(* Let $n,m,p,N\in\mathbb{N}_+$, $B\in\mathbb{R}^{n\times m}$, $C\in\mathbb{R}^{p\times n}$ of full column rank, $x_0\in\mathbb{R}^n$, $r_1,\dots,r_N\in\mathbb{R}^p$, $r_0:=Cx_0$, $A^{\rm r}\in\mathbb{R}^{n\times n}$, $u^{\rm r}_0,\dots,u^{\rm r}_{N-1}\in\mathbb{R}^m$, $\omega,\omega_0,\dots,\omega_{N-1}\ge0$, and $\mathcal{S}_{\rm M2}\subseteq\mathbb{R}^{n\times n}\times\mathbb{R}^{m\times N}$. Problem (MOPUL2) is: minimize $\|A-A^{\rm r}\|_F$ over $A\in\mathbb{R}^{n\times n}$, $U=(u_0,\dots,u_{N-1})\in\mathbb{R}^{m\times N}$ subject to $x_t=Ax_{t-1}+Bu_{t-1}$ ($t=1,\dots,N$), $y_t=Cx_t$ ($t=0,\dots,N$), $\sum_{t=1}^N\|y_t-r_t\|_2\le\omega$, $\|u_t-u^{\rm r}_t\|_2\le\omega_t$ ($t=0,\dots,N-1$), and $(A,U)\in\mathcal{S}_{\rm M2}$. Let $\beta>0$, $\tilde\omega:=\omega/\big(\sum_{i=0}^{N-1}\beta^i\big)$, and let problem (AMOPUL2) be: minimize $\|A-A^{\rm r}\|_F$ over $(A,U)$ subject to $\sum_{t=1}^N\|CAC^{\dagger}r_{t-1}+CBu_{t-1}-r_t\|_2\le\tilde\omega$, $\|u_t-u^{\rm r}_t\|_2\le\omega_t$ ($t=0,\dots,N-1$), and $(A,U)\in\mathcal{S}_{\rm M2}$. If $\|CA^{\rm a}C^{\dagger}\|_2\le\beta$ for every feasible $A^{\rm a}$ of (AMOPUL2), then every feasible solution of (AMOPUL2) is feasible for (MOPUL2), and the optimal objective value of (AMOPUL2) is an upper bound for the optimal objective value of (MOPUL2).
   Context: $C^{\dagger}$ is the Moore–Penrose inverse of $C$; $\|\cdot\|_F$ is the Frobenius norm; $\|\cdot\|_2$ is the Euclidean norm for vectors and the spectral norm for matrices. In the paper $\mathcal{S}_{\rm M2}$ is assumed SD representable, though this is not used in the claim. *)

From HB Require Import structures.
From mathcomp Require Import all_boot all_order all_algebra.
From mathcomp Require Import all_classical reals ereal.
Set Implicit Arguments. Unset Strict Implicit. Unset Printing Implicit Defensive.
Import Order.TTheory GRing.Theory Num.Theory.
Local Open Scope ring_scope.

Section Defs.
Variable R : realType.

Definition norm2 (k : nat) (v : 'cV[R]_k) : R :=
  Num.sqrt (\sum_(i < k) v i 0 ^+ 2).

Definition frob (a b : nat) (M : 'M[R]_(a, b)) : R :=
  Num.sqrt (\sum_(i < a) \sum_(j < b) M i j ^+ 2).

Definition specnorm (a b : nat) (M : 'M[R]_(a, b)) : R :=
  sup [set norm2 (M *m x) | x in [set x : 'cV[R]_b | norm2 x <= 1]].

Definition is_MP_inverse (a b : nat) (C : 'M[R]_(a, b)) (X : 'M[R]_(b, a)) : Prop :=
  [/\ C *m X *m C = C, X *m C *m X = X,
      (C *m X)^T = C *m X & (X *m C)^T = X *m C].

(* the t-th column u_t of U = (u_0, ..., u_{N-1}); 0 if t >= N (never used) *)
Definition ucol (m N : nat) (U : 'M[R]_(m, N)) (t : nat) : 'cV[R]_m :=
  oapp (fun j : 'I_N => col j U) 0 (insub t).

Fixpoint traj (n m N : nat) (A : 'M[R]_n) (B : 'M[R]_(n, m)) (U : 'M[R]_(m, N))
    (x0 : 'cV[R]_n) (t : nat) : 'cV[R]_n :=
  match t with
  | 0 => x0
  | t'.+1 => A *m traj A B U x0 t' + B *m ucol U t'
  end.

Definition refout (n p : nat) (C : 'M[R]_(p, n)) (x0 : 'cV[R]_n)
    (r : nat -> 'cV[R]_p) (t : nat) : 'cV[R]_p :=
  if t == 0%N then C *m x0 else r t.

Definition feas_MOPUL2 (n m p N : nat) (B : 'M[R]_(n, m)) (C : 'M[R]_(p, n))
    (x0 : 'cV[R]_n) (r : nat -> 'cV[R]_p) (ur : nat -> 'cV[R]_m)
    (om : R) (omt : nat -> R) (S : set ('M[R]_n * 'M[R]_(m, N)))
    (A : 'M[R]_n) (U : 'M[R]_(m, N)) : Prop :=
  [/\ \sum_(t < N) norm2 (C *m traj A B U x0 t.+1 - r t.+1) <= om,
      (forall t : 'I_N, norm2 (col t U - ur t) <= omt t)
    & S (A, U)].

Definition feas_AMOPUL2 (n m p N : nat) (B : 'M[R]_(n, m)) (C : 'M[R]_(p, n))
    (Cd : 'M[R]_(n, p)) (x0 : 'cV[R]_n) (r : nat -> 'cV[R]_p)
    (ur : nat -> 'cV[R]_m) (omtil : R) (omt : nat -> R)
    (S : set ('M[R]_n * 'M[R]_(m, N)))
    (A : 'M[R]_n) (U : 'M[R]_(m, N)) : Prop :=
  [/\ \sum_(t < N) norm2 (C *m A *m Cd *m refout C x0 r t
                          + C *m B *m ucol U t - r t.+1) <= omtil,
      (forall t : 'I_N, norm2 (col t U - ur t) <= omt t)
    & S (A, U)].

End Defs.

(** Since C has full column rank, C^† C = I, so the output error
    d_t := C x_t - r_t satisfies d_0 = 0 and d_(t+1) = (C A C^†) d_t + e_t,
    where e_t is the t-th residual in the tracking constraint of (AMOPUL2).
    With ‖C A C^†‖₂ <= β this gives ‖d_(t+1)‖ <= β ‖d_t‖ + ‖e_t‖; unrolling and
    summing, Σ_(t=1..N) ‖d_t‖ <= (Σ_(i<N) β^i) Σ_t ‖e_t‖ <= (Σ_(i<N) β^i) ω̃ = ω.
    Hence every (AMOPUL2)-feasible pair is (MOPUL2)-feasible, and the infimum
    over the larger feasible set of (MOPUL2) is the smaller one. *)

From HB Require Import structures.
From mathcomp Require Import all_boot all_order all_algebra.
From mathcomp Require Import all_classical reals ereal.
From mathcomp Require Import ring lra.
Import Order.TTheory GRing.Theory Num.Theory.
Local Open Scope ring_scope.
Local Open Scope classical_set_scope.

Set Implicit Arguments.
Unset Strict Implicit.

Section EuclideanNorm.
Variable R : realType.

Lemma norm2_ge0 k (v : 'cV[R]_k) : 0 <= norm2 v.
Proof. exact: sqrtr_ge0. Qed.

Lemma sqr_norm2 k (v : 'cV[R]_k) : norm2 v ^+ 2 = \sum_(i < k) v i 0 ^+ 2.
Proof. by rewrite sqr_sqrtr // sumr_ge0 // => i _; exact: sqr_ge0. Qed.

Lemma norm2_0 k : norm2 (0 : 'cV[R]_k) = 0.
Proof. by rewrite /norm2 big1 ?sqrtr0 // => i _; rewrite mxE expr0n. Qed.

Lemma norm2_eq0 k (v : 'cV[R]_k) : (norm2 v == 0) = (v == 0).
Proof.
apply/eqP/eqP => [v0|->]; last exact: norm2_0.
have sum0 : \sum_(i < k) v i 0 ^+ 2 = 0 by rewrite -sqr_norm2 v0 expr0n.
apply/matrixP => i j; rewrite (ord1 j) mxE; apply/eqP; rewrite -sqrf_eq0.
by rewrite (psumr_eq0P (fun i _ => sqr_ge0 (v i 0)) sum0).
Qed.

Lemma norm2_gt0 k (v : 'cV[R]_k) : v != 0 -> 0 < norm2 v.
Proof. by move=> v0; rewrite lt0r norm2_eq0 v0 norm2_ge0. Qed.

Lemma norm2Z k (c : R) (v : 'cV[R]_k) : norm2 (c *: v) = `|c| * norm2 v.
Proof.
rewrite /norm2 -sqrtr_sqr -sqrtrM ?sqr_ge0 // mulr_sumr.
by congr Num.sqrt; apply: eq_bigr => i _; rewrite mxE exprMn.
Qed.

Lemma norm2_coord k (v : 'cV[R]_k) j : `|v j 0| <= norm2 v.
Proof.
rewrite -sqrtr_sqr ler_sqrt -?sqr_norm2 ?sqr_ge0 // sqr_norm2.
by rewrite (bigD1 j) //= lerDl sumr_ge0 // => i _; exact: sqr_ge0.
Qed.

Lemma cauchy_schwarz_norm2 k (u v : 'cV[R]_k) :
  \sum_(i < k) u i 0 * v i 0 <= norm2 u * norm2 v.
Proof.
have [->|u0] := eqVneq u 0.
  by rewrite big1 ?norm2_0 ?mul0r // => i _; rewrite mxE mul0r.
have [->|v0] := eqVneq v 0.
  by rewrite big1 ?norm2_0 ?mulr0 // => i _; rewrite mxE mulr0.
set a := norm2 u; set b := norm2 v; set d := \sum_(i < k) _.
have ab_gt0 : 0 < a * b by rewrite mulr_gt0 ?norm2_gt0.
(* 0 <= ‖b u - a v‖² = 2ab (ab - Σ_i u_i v_i) *)
have : 0 <= \sum_(i < k) (b * u i 0 - a * v i 0) ^+ 2.
  by apply: sumr_ge0 => i _; exact: sqr_ge0.
have -> : \sum_(i < k) (b * u i 0 - a * v i 0) ^+ 2 =
    b ^+ 2 * \sum_(i < k) u i 0 ^+ 2 + a ^+ 2 * \sum_(i < k) v i 0 ^+ 2
    - 2 * (a * b) * d.
  rewrite /d !mulr_sumr -big_split -sumrB /=.
  by apply: eq_bigr => i _; ring.
rewrite -!sqr_norm2 -/a -/b; nra.
Qed.

Lemma norm2D k (u v : 'cV[R]_k) : norm2 (u + v) <= norm2 u + norm2 v.
Proof.
have u_ge0 := norm2_ge0 u; have v_ge0 := norm2_ge0 v.
rewrite -(ler_pXn2r (n := 2)) ?nnegrE ?addr_ge0 ?norm2_ge0 //.
have -> : norm2 (u + v) ^+ 2 =
    norm2 u ^+ 2 + norm2 v ^+ 2 + 2 * \sum_(i < k) u i 0 * v i 0.
  rewrite !sqr_norm2 mulr_sumr -!big_split /=.
  by apply: eq_bigr => i _; rewrite mxE; ring.
have := cauchy_schwarz_norm2 u v; nra.
Qed.

Lemma norm2_sum k (I : finType) (F : I -> 'cV[R]_k) :
  norm2 (\sum_(i : I) F i) <= \sum_(i : I) norm2 (F i).
Proof.
apply: (big_ind2 (fun x y => norm2 x <= y)) => //; first by rewrite norm2_0.
by move=> x1 y1 x2 y2 le1 le2; apply: le_trans (norm2D _ _) (lerD le1 le2).
Qed.

Lemma norm2_mulmx_le_cols a b (M : 'M[R]_(a, b)) (x : 'cV[R]_b) :
  norm2 x <= 1 -> norm2 (M *m x) <= \sum_(j < b) norm2 (col j M).
Proof.
move=> x_le1.
have -> : M *m x = \sum_(j < b) x j 0 *: col j M.
  apply/matrixP => i k; rewrite (ord1 k) !mxE summxE.
  by apply: eq_bigr => j _; rewrite !mxE mulrC.
apply: le_trans (norm2_sum _) _; apply: ler_sum => j _.
rewrite norm2Z ler_piMl ?norm2_ge0 //.
exact: le_trans (norm2_coord _ _) x_le1.
Qed.

Lemma norm2_mulmx_le_specnorm a b (M : 'M[R]_(a, b)) (x : 'cV[R]_b) :
  norm2 (M *m x) <= specnorm M * norm2 x.
Proof.
have unit_ball_le y : norm2 y <= 1 -> norm2 (M *m y) <= specnorm M.
  move=> y_le1; apply: sup_upper_bound; last by exists y.
  split; first by exists (norm2 (M *m 0)); exists 0; rewrite //= norm2_0 ler01.
  exists (\sum_(j < b) norm2 (col j M)) => _ [z z_le1 <-].
  exact: norm2_mulmx_le_cols.
have [->|x0] := eqVneq x 0; first by rewrite mulmx0 !norm2_0 mulr0.
have x_gt0 := norm2_gt0 x0.
have := unit_ball_le ((norm2 x)^-1 *: x).
rewrite -scalemxAr !norm2Z ger0_norm ?invr_ge0 ?norm2_ge0 // mulVf ?gt_eqF //.
by rewrite lexx mulrC ler_pdivrMr // => /(_ isT).
Qed.

End EuclideanNorm.

Section Recurrence.
Variable R : realType.

Lemma sum_geometric_gt0 (b : R) N : 0 <= b -> (0 < N)%N ->
  0 < \sum_(i < N) b ^+ i.
Proof.
move=> b_ge0; case: N => // N _.
by rewrite big_ord_recl expr0 ltr_pwDl // sumr_ge0 // => i _; exact: exprn_ge0.
Qed.

(* A discrete Gronwall bound: a_(t+1) <= Σ_(s<=t) b^(t-s) e_s, summed over t. *)
Lemma sum_le_of_linear_rec (a e : nat -> R) (b : R) : 0 <= b -> a 0%N = 0 ->
  (forall t, 0 <= e t) -> (forall t, a t.+1 <= b * a t + e t) ->
  forall N, \sum_(t < N) a t.+1 <= (\sum_(i < N) b ^+ i) * \sum_(t < N) e t.
Proof.
move=> b_ge0 a0 e_ge0 a_rec; elim=> [|N IH]; first by rewrite !big_ord0 mulr0.
have G_ge0 : 0 <= \sum_(i < N) b ^+ i.
  by apply: sumr_ge0 => i _; exact: exprn_ge0.
have E_le : \sum_(t < N) e t <= \sum_(t < N.+1) e t.
  by rewrite big_ord_recr /= lerDl.
have step : \sum_(t < N.+1) a t.+1 <=
    b * \sum_(t < N) a t.+1 + \sum_(t < N.+1) e t.
  apply: le_trans; first by apply: ler_sum => t _; exact: a_rec.
  by rewrite big_split /= -mulr_sumr big_ord_recl a0 add0r.
apply: le_trans step _.
rewrite [X in _ <= X * _]big_ord_recl expr0 mulrDl mul1r [X in _ <= X]addrC lerD2r.
have -> : \sum_(i < N) b ^+ lift ord0 i = b * \sum_(i < N) b ^+ i.
  by rewrite mulr_sumr; apply: eq_bigr => i _; exact: exprS.
rewrite -mulrA ler_wpM2l //.
exact: le_trans IH (ler_wpM2l G_ge0 E_le).
Qed.

End Recurrence.

Section OutputError.
Variables (R : realType) (n m p N : nat).
Variables (B : 'M[R]_(n, m)) (C : 'M[R]_(p, n)) (Cd : 'M[R]_(n, p)).
Variables (x0 : 'cV[R]_n) (r : nat -> 'cV[R]_p).

Lemma MP_inverse_mulVmx : \rank C = n -> is_MP_inverse C Cd -> Cd *m C = 1%:M.
Proof.
move=> rankC [CCdC _ _ _].
have /row_fullP [D DC] : row_full C by rewrite /row_full rankC.
by rewrite -[Cd *m C]mul1mx -DC -mulmxA (mulmxA C) CCdC.
Qed.

Hypothesis CdC : Cd *m C = 1%:M.

Lemma output_error_succ (A : 'M[R]_n) (U : 'M[R]_(m, N)) t :
  C *m traj A B U x0 t.+1 - r t.+1 =
  C *m A *m Cd *m (C *m traj A B U x0 t - refout C x0 r t)
  + (C *m A *m Cd *m refout C x0 r t + C *m B *m ucol U t - r t.+1).
Proof.
have CACdC : C *m A *m Cd *m C = C *m A by rewrite -mulmxA CdC mulmx1.
by rewrite /= mulmxBr mulmxA CACdC mulmxDr !mulmxA !addrA subrK.
Qed.

Lemma feas_AMOPUL2_MOPUL2 (ur : nat -> 'cV[R]_m) (om beta : R)
    (omt : nat -> R) (S : set ('M[R]_n * 'M[R]_(m, N)))
    (A : 'M[R]_n) (U : 'M[R]_(m, N)) :
  0 < beta -> (0 < N)%N -> specnorm (C *m A *m Cd) <= beta ->
  feas_AMOPUL2 B C Cd x0 r ur (om / \sum_(i < N) beta ^+ i) omt S A U ->
  feas_MOPUL2 B C x0 r ur om omt S A U.
Proof.
move=> beta_gt0 N_gt0 specnorm_le [res_le ur_le SAU]; split=> //.
set G := \sum_(i < N) beta ^+ i.
have G_gt0 : 0 < G by apply: sum_geometric_gt0; rewrite ?ltW.
pose d t := C *m traj A B U x0 t - refout C x0 r t.
pose e t := C *m A *m Cd *m refout C x0 r t + C *m B *m ucol U t - r t.+1.
have d_rec t : norm2 (d t.+1) <= beta * norm2 (d t) + norm2 (e t).
  rewrite [d t.+1]output_error_succ; apply: le_trans (norm2D _ _) _.
  rewrite lerD2r; apply: le_trans (norm2_mulmx_le_specnorm _ _) _.
  by rewrite ler_wpM2r ?norm2_ge0.
have d0 : norm2 (d 0%N) = 0 by rewrite /d /refout /= subrr norm2_0.
apply: le_trans
  (sum_le_of_linear_rec (ltW beta_gt0) d0 (fun t => norm2_ge0 (e t)) d_rec N) _.
rewrite -/G -(divfK (lt0r_neq0 G_gt0) om) [X in _ <= X]mulrC.
by rewrite ler_wpM2l ?(ltW G_gt0).
Qed.

End OutputError.

Theorem theorem7 (R : realType) (n m p N : nat)
  (hn : (0 < n)%N) (hm : (0 < m)%N) (hp : (0 < p)%N) (hN : (0 < N)%N)
  (B : 'M[R]_(n, m)) (C : 'M[R]_(p, n)) (hC : \rank C = n)
  (Cd : 'M[R]_(n, p)) (hCd : is_MP_inverse C Cd)
  (x0 : 'cV[R]_n) (r : nat -> 'cV[R]_p) (Ar : 'M[R]_n) (ur : nat -> 'cV[R]_m)
  (om : R) (omt : nat -> R) (hom : 0 <= om)
  (homt : forall t : nat, (t < N)%N -> 0 <= omt t)
  (SM2 : set ('M[R]_n * 'M[R]_(m, N))) (beta : R) (hbeta : 0 < beta) :
  let omtil := om / (\sum_(i < N) beta ^+ i) in
  (forall (Aa : 'M[R]_n) (U : 'M[R]_(m, N)),
      feas_AMOPUL2 B C Cd x0 r ur omtil omt SM2 Aa U ->
      specnorm (C *m Aa *m Cd) <= beta) ->
  (forall (A : 'M[R]_n) (U : 'M[R]_(m, N)),
      feas_AMOPUL2 B C Cd x0 r ur omtil omt SM2 A U ->
      feas_MOPUL2 B C x0 r ur om omt SM2 A U) /\
  (ereal_inf [set (frob (AU.1 - Ar))%:E | AU in
       [set AU : 'M[R]_n * 'M[R]_(m, N) |
          feas_MOPUL2 B C x0 r ur om omt SM2 AU.1 AU.2]]
   <= ereal_inf [set (frob (AU.1 - Ar))%:E | AU in
       [set AU : 'M[R]_n * 'M[R]_(m, N) |
          feas_AMOPUL2 B C Cd x0 r ur omtil omt SM2 AU.1 AU.2]])%E.
Proof.
move=> omtil specnorm_le.
have CdC := MP_inverse_mulVmx hC hCd.
have feas A U : feas_AMOPUL2 B C Cd x0 r ur omtil omt SM2 A U ->
    feas_MOPUL2 B C x0 r ur om omt SM2 A U.
  move=> AUf; apply: (feas_AMOPUL2_MOPUL2 CdC hbeta hN (specnorm_le A U AUf)).
  exact: AUf.
split=> //.
by apply/ereal_inf_le_tmp/image_subset => AU; exact: feas.
Qed.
☆ ☆ ☆
[Work task] Word for word, restate the lines of the data above that fall between the line holding "summing, Σ_(t=1..N) ‖d_t‖" and the line holding "apply/matrixP => i j;", inclusive, and no other lines.

[Result of this exercise]
    summing, Σ_(t=1..N) ‖d_t‖ <= (Σ_(i<N) β^i) Σ_t ‖e_t‖ <= (Σ_(i<N) β^i) ω̃ = ω.
    Hence every (AMOPUL2)-feasible pair is (MOPUL2)-feasible, and the infimum
    over the larger feasible set of (MOPUL2) is the smaller one. *)

From HB Require Import structures.
From mathcomp Require Import all_boot all_order all_algebra.
From mathcomp Require Import all_classical reals ereal.
From mathcomp Require Import ring lra.
Import Order.TTheory GRing.Theory Num.Theory.
Local Open Scope ring_scope.
Local Open Scope classical_set_scope.

Set Implicit Arguments.
Unset Strict Implicit.

Section EuclideanNorm.
Variable R : realType.

Lemma norm2_ge0 k (v : 'cV[R]_k) : 0 <= norm2 v.
Proof. exact: sqrtr_ge0. Qed.

Lemma sqr_norm2 k (v : 'cV[R]_k) : norm2 v ^+ 2 = \sum_(i < k) v i 0 ^+ 2.
Proof. by rewrite sqr_sqrtr // sumr_ge0 // => i _; exact: sqr_ge0. Qed.

Lemma norm2_0 k : norm2 (0 : 'cV[R]_k) = 0.
Proof. by rewrite /norm2 big1 ?sqrtr0 // => i _; rewrite mxE expr0n. Qed.

Lemma norm2_eq0 k (v : 'cV[R]_k) : (norm2 v == 0) = (v == 0).
Proof.
apply/eqP/eqP => [v0|->]; last exact: norm2_0.
have sum0 : \sum_(i < k) v i 0 ^+ 2 = 0 by rewrite -sqr_norm2 v0 expr0n.
apply/matrixP => i j; rewrite (ord1 j) mxE; apply/eqP; rewrite -sqrf_eq0.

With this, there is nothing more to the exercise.